Chapter Five: On Westminster Bridge
1 A number of great poets have been MPs, among them four of my favourites: Geoffrey Chaucer (c.1343–1400), John Donne (1572–1631), George Herbert (1593–1633) and Andrew Marvell (1621–78). Chaucer does not feature in this book, simply because he is difficult to learn by heart without mastering the pronunciation of Middle English. There are some good readings of Chaucer readily available on YouTube to give you a flavour of how he sounds: keep listening, and quite quickly your ear adjusts and you get the gist of what he’s saying.
2 This poem is also known as ‘On His Blindness’. Milton’s eyesight declined over several years, probably as the result of untreated glaucoma. By 1652, he was completely blind. His first published poem was ‘On Shakespeare’ (1630); his most famous, Paradise Lost (1667). A Puritan and a passionate Christian, the ‘one talent which is death to hide’ in this Petrarchan sonnet refers to the parable of the talents in St Matthew’s Gospel.

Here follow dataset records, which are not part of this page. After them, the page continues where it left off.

(* Let $n\geq 0$ and $0\leq l\leq n$ be integers. Then, as an identity of rational functions in $q,z,x$, \[ \sum_{k=0}^{n}{n\brack k}\frac{(q/z;q)_k (zq^{-l};q)_{n-k}}{1-xq^k}z^k =\frac{(q;q)_n(xz;q)_{n-l}(zq^{-l};q)_l}{(x;q)_{n+1}}. \]
   Context: For $N\geq 0$, $(x;q)_N=(1-x)(1-xq)\cdots(1-xq^{N-1})$ (with $(x;q)_0=1$). The $q$-binomial coefficient is ${n\brack k}=\frac{(q;q)_n}{(q;q)_k(q;q)_{n-k}}$ for $0\leq k\leq n$ and $0$ otherwise. *)

From HB Require Import structures.
From mathcomp Require Import all_boot all_order all_algebra.
Set Implicit Arguments. Unset Strict Implicit. Unset Printing Implicit Defensive.
Import GRing.Theory.
Local Open Scope ring_scope.

Definition qpoch (F : fieldType) (x q : F) (N : nat) : F :=
  \prod_(i < N) (1 - x * q ^+ i).

Definition qbinom (F : fieldType) (q : F) (n k : nat) : F :=
  if (k <= n)%N then qpoch q q n / (qpoch q q k * qpoch q q (n - k)) else 0.

From HB Require Import structures.
From mathcomp Require Import all_boot all_order all_algebra ring zify.
Import GRing.Theory.
Local Open Scope ring_scope.

(* After multiplication by (x;q)_{n+1}, the right-hand side becomes the polynomial
   p(x) = (q;q)_n (zq^{-l};q)_l (xz;q)_{n-l} of degree at most n, and the claim is
   its partial fraction expansion over the n+1 distinct poles x = q^{-k}.  Such an
   expansion is unique, with coefficients the residues p(q^{-k}) / prod_{j<>k}
   (1 - q^{j-k}); the summands are exactly these residues, by the reflection
   (q/z;q)_k z^k (q^{-k};q)_k = (q;q)_k (zq^{-k};q)_k. *)

Section LinearProducts.

Variable F : fieldType.

Lemma size_1subZX (a : F) : (size (1 - a *: 'X)%R <= 2)%N.
Proof.
rewrite (leq_trans (size_polyD _ _)) // size_polyN size_poly1 geq_max /=.
by rewrite (leq_trans (size_scale_leq _ _)) // size_polyX.
Qed.

Lemma size_prod_1subZX (I : finType) (P : pred I) (a : I -> F) :
  (size (\prod_(i | P i) (1 - a i *: 'X))%R <= #|P|.+1)%N.
Proof.
apply: leq_trans (size_poly_prod_leq _ _) _.
have : (\sum_(i | P i) size (1 - a i *: 'X)%R <= #|P| * 2)%N.
  by rewrite -sum_nat_const leq_sum // => i _; apply: size_1subZX.
lia.
Qed.

Lemma horner_prod_1subZX (I : finType) (P : pred I) (a : I -> F) y :
  (\prod_(i | P i) (1 - a i *: 'X)).[y] = \prod_(i | P i) (1 - a i * y).
Proof. by rewrite horner_prod; apply: eq_bigr => i _; rewrite !hornerE. Qed.

End LinearProducts.

Section PartialFractions.

Variables (F : fieldType) (I : finType) (a : I -> F).
Hypotheses (a_inj : injective a) (a_neq0 : forall k, a k != 0).

Lemma partial_fractions (c : I -> F) (p : {poly F}) x :
  (size p <= #|I|)%N ->
  (forall k, c k * \prod_(j | j != k) (1 - a j / a k) = p.[(a k)^-1]) ->
  \prod_k (1 - a k * x) != 0 ->
  \sum_k c k / (1 - a k * x) = p.[x] / \prod_k (1 - a k * x).
Proof.
move=> size_p c_res D_neq0.
pose Q := \sum_k c k *: \prod_(j | j != k) (1 - a j *: 'X).
have hornerQ y : Q.[y] = \sum_k c k * \prod_(j | j != k) (1 - a j * y).
  by rewrite horner_sum; apply: eq_bigr => k _; rewrite hornerZ horner_prod_1subZX.
have Q_node k : Q.[(a k)^-1] = p.[(a k)^-1].
  rewrite hornerQ (bigD1 k) //= [X in _ + X]big1 ?addr0 ?c_res // => j jk.
  by rewrite (bigD1 k) 1?eq_sym //= mulfV // subrr mul0r mulr0.
have size_Q : (size Q <= #|I|)%N.
  rewrite (leq_trans (size_sum _ _ _)) //; apply/bigmax_leqP => k _.
  rewrite (leq_trans (size_scale_leq _ _)) // (leq_trans (size_prod_1subZX _ _ _ _)) //.
  by rewrite cardC1 ltn_predL; apply/card_gt0P; exists k.
have -> : p = Q.
  apply/eqP; rewrite -subr_eq0; apply/eqP.
  apply: (@roots_geq_poly_eq0 _ _ [seq (a k)^-1 | k <- enum I]).
  - by apply/allP => _ /mapP[k _ ->]; rewrite rootE hornerD hornerN Q_node subrr.
  - by rewrite map_inj_uniq ?enum_uniq // => j k /invr_inj /a_inj.
  - rewrite size_map -cardE (leq_trans (size_polyD _ _)) // size_polyN.
    by rewrite geq_max size_p size_Q.
rewrite hornerQ mulr_suml; apply: eq_bigr => k _.
move: D_neq0; rewrite (bigD1 k) //= mulf_eq0 negb_or => /andP[_ dk_neq0].
by rewrite invfM mulrA mulrAC mulfK.
Qed.

End PartialFractions.

Section QPochhammer.

Variable F : fieldType.
Implicit Types a q z : F.

Lemma qpochD a q m k : qpoch a q (m + k) = qpoch a q m * qpoch (a * q ^+ m) q k.
Proof.
rewrite /qpoch big_split_ord /=; congr (_ * _).
by apply: eq_bigr => i _; rewrite exprD mulrA.
Qed.

Lemma qpoch_split a q m N :
  (m <= N)%N -> qpoch a q N = qpoch a q m * qpoch (a * q ^+ m) q (N - m).
Proof. by move=> le_mN; rewrite -qpochD subnKC. Qed.

Lemma qpoch_neq0_le a q m N : (m <= N)%N -> qpoch a q N != 0 -> qpoch a q m != 0.
Proof. by move=> /(qpoch_split a q) ->; rewrite mulf_eq0 negb_or => /andP[]. Qed.

Lemma qbinomK q n m : (m <= n)%N -> qpoch q q n != 0 ->
  qbinom q n m * (qpoch q q m * qpoch q q (n - m)) = qpoch q q n.
Proof.
move=> le_mn Qn_neq0; rewrite /qbinom le_mn divfK // mulf_neq0 //.
  exact: qpoch_neq0_le Qn_neq0.
exact: qpoch_neq0_le (leq_subr m n) Qn_neq0.
Qed.

Lemma expr_neq1 q n d : (0 < d <= n)%N -> qpoch q q n != 0 -> q ^+ d != 1.
Proof.
case/andP=> d_gt0 le_dn; apply: contraNneq => qd1.
have lt_d'n : (d.-1 < n)%N by rewrite prednK.
by rewrite /qpoch (bigD1 (Ordinal lt_d'n)) //= -exprS prednK // qd1 subrr mul0r.
Qed.

Variable q : F.
Hypothesis q_neq0 : q != 0.

Lemma expr_ord_inj n : qpoch q q n != 0 -> injective (fun k : 'I_n.+1 => q ^+ k).
Proof.
move=> Qn_neq0.
have neq_expr i j : (i < j)%N -> (j < n.+1)%N -> q ^+ i != q ^+ j.
  move=> lt_ij lt_jn; rewrite -(subnKC (ltnW lt_ij)) exprD -{1}[q ^+ i]mulr1.
  rewrite (inj_eq (mulfI (expf_neq0 i q_neq0))) eq_sym.
  by apply: expr_neq1 Qn_neq0; rewrite subn_gt0 lt_ij (leq_trans (leq_subr _ _)).
move=> i j /= /eqP eq_ij; apply: val_inj => /=.
case: (ltngtP i j) eq_ij => // [lt_ij | lt_ji].
  by rewrite (negPf (neq_expr _ _ lt_ij (ltn_ord j))).
by rewrite eq_sym (negPf (neq_expr _ _ lt_ji (ltn_ord i))).
Qed.

Lemma mul_exprVn_expr c m l : (m <= l)%N -> c * q ^- l * q ^+ (l - m) = c * q ^- m.
Proof.
move=> le_ml; rewrite -{1}(subnKC le_ml) exprD invfM -!mulrA; congr (_ * _).
by rewrite mulVf ?mulr1 // expf_neq0.
Qed.

Lemma qpoch_exchange z n m l : (m <= n)%N -> (l <= n)%N ->
  qpoch (z * q ^- m) q m * qpoch (z * q ^- l) q (n - m)
  = qpoch (z * q ^- l) q l * qpoch (z * q ^- m) q (n - l).
Proof.
wlog le_ml : m l / (m <= l)%N => [wlog_le | le_mn le_ln].
  by case: (leqP m l) => [|/ltnW] ? ? ?; [apply: wlog_le | symmetry; apply: wlog_le].
rewrite (qpoch_split (z * q ^- l) q (l - m) (n - m)) ?leq_sub2r //.
rewrite (qpoch_split (z * q ^- l) q (l - m) l) ?leq_subr // !mul_exprVn_expr //.
have -> : (n - m - (l - m) = n - l)%N by lia.
have -> : (l - (l - m) = m)%N by lia.
ring.
Qed.

Lemma qpoch_exprVn c m : qpoch (c * q ^- m) q m = \prod_(i < m) (1 - c * q ^- i.+1).
Proof.
rewrite /qpoch -(big_mkord xpredT (fun i => 1 - c * q ^- i.+1)) big_rev_mkord subn0.
apply: eq_bigr => i _; rewrite -subSn ?ltn_ord // subSS.
by rewrite -(mul_exprVn_expr _ _ _ (leq_subr i m)) subKn // ltnW.
Qed.

Lemma qpoch_inversion z m : z != 0 ->
  qpoch (q / z) q m * z ^+ m * qpoch (q ^- m) q m
  = qpoch q q m * qpoch (z * q ^- m) q m.
Proof.
move=> z_neq0; have := qpoch_exprVn 1 m; rewrite mul1r => ->.
rewrite qpoch_exprVn -[in z ^+ m](card_ord m) -prodr_const.
rewrite /qpoch -!big_split /=; apply: eq_bigr => i _.
by rewrite exprS; field; rewrite expf_neq0 ?q_neq0 ?z_neq0.
Qed.

Lemma prod_1sub_expr_div n (k : 'I_n.+1) :
  \prod_(j | j != k) (1 - q ^+ j / q ^+ k) = qpoch (q ^- k) q k * qpoch q q (n - k).
Proof.
rewrite big_mkcond /=.
rewrite -(big_mkord xpredT (fun j => if j != k then 1 - q ^+ j / q ^+ k else 1)).
rewrite (big_cat_nat (leq0n k)) ?(ltnW (ltn_ord k)) //=.
rewrite [X in _ * X]big_ltn ?ltn_ord // eqxx mul1r.
rewrite /qpoch; congr (_ * _).
  by rewrite big_mkord; apply: eq_bigr => i _; rewrite (ltn_eqF (ltn_ord i)) mulrC.
rewrite -{1}[k.+1]add0n big_addn subSS big_mkord; apply: eq_bigr => i _.
rewrite addnS gtn_eqF ?ltnS ?leq_addl //.
by rewrite exprS exprD !mulrA mulfK ?expf_neq0.
Qed.

Lemma qbinom_residue z n l (k : 'I_n.+1) : z != 0 -> qpoch q q n != 0 -> (l <= n)%N ->
  qbinom q n k * (qpoch (q / z) q k * qpoch (z * q ^- l) q (n - k)) * z ^+ k
    * \prod_(j | j != k) (1 - q ^+ j / q ^+ k)
  = qpoch q q n * qpoch (z * q ^- k) q (n - l) * qpoch (z * q ^- l) q l.
Proof.
move=> z_neq0 Qn_neq0 le_ln; have le_kn : (k <= n)%N by rewrite -ltnS.
rewrite prod_1sub_expr_div -(qbinomK q n k le_kn Qn_neq0) -[RHS]mulrA.
rewrite (mulrC (qpoch _ q (n - l))) -qpoch_exchange //.
transitivity (qbinom q n k * qpoch (z * q ^- l) q (n - k) * qpoch q q (n - k)
              * (qpoch (q / z) q k * z ^+ k * qpoch (q ^- k) q k)); first ring.
by rewrite qpoch_inversion //; ring.
Qed.

End QPochhammer.

Theorem lemma2p1 (F : fieldType) (n l : nat) (q z x : F)
  (hl : (l <= n)%N)
  (hq : q != 0) (hz : z != 0)
  (hqq : qpoch q q n != 0)
  (hx : qpoch x q n.+1 != 0) :
  \sum_(0 <= k < n.+1)
     qbinom q n k * (qpoch (q / z) q k * qpoch (z * q ^- l) q (n - k))
       / (1 - x * q ^+ k) * z ^+ k
  = qpoch q q n * qpoch (x * z) q (n - l) * qpoch (z * q ^- l) q l
      / qpoch x q n.+1.
Proof.
pose p : {poly F} := (qpoch q q n * qpoch (z * q ^- l) q l)
                       *: \prod_(i < n - l) (1 - (z * q ^+ i) *: 'X).
have horner_p y :
    p.[y] = qpoch q q n * qpoch (y * z) q (n - l) * qpoch (z * q ^- l) q l.
  rewrite hornerZ horner_prod_1subZX mulrAC; congr (_ * _ * _).
  by apply: eq_bigr => i _; rewrite [z * _ * y]mulrC mulrA.
have size_p : (size p <= #|'I_n.+1|)%N.
  rewrite card_ord (leq_trans (size_scale_leq _ _)) //.
  rewrite (leq_trans (size_prod_1subZX _ _ _ _)) // ltnS.
  by rewrite (leq_trans (max_card _)) // card_ord leq_subr.
have qpochE : qpoch x q n.+1 = \prod_(k < n.+1) (1 - q ^+ k * x).
  by apply: eq_bigr => k _; rewrite mulrC.
pose c k := qbinom q n k * (qpoch (q / z) q k * qpoch (z * q ^- l) q (n - k)) * z ^+ k.
rewrite big_mkord (eq_bigr (fun k : 'I_n.+1 => c k / (1 - q ^+ k * x))); last first.
  by move=> k _; rewrite /c mulrAC [x * _]mulrC.
rewrite -horner_p qpochE; apply: (@partial_fractions F _ (fun k : 'I_n.+1 => q ^+ k)).
- exact: expr_ord_inj.
- by move=> k; apply: expf_neq0.
- exact: size_p.
- by move=> k; rewrite horner_p [_^-1 * z]mulrC qbinom_residue.
- by rewrite -qpochE.
Qed.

3 François Dominique Toussaint L’Ouverture (1743–1803) was a Haitian revolutionary who was imprisoned by the French and whose plight caught the imagination of radical Romantics like the Cumbrian poet, William Wordsworth, who wrote a sonnet in L’Ouverture’s praise not long before he died in French captivity in 1803. Two hundred years later, John Agard, poet and playwright of Afro-Guyanese heritage, wrote this sonnet in praise of Wordsworth.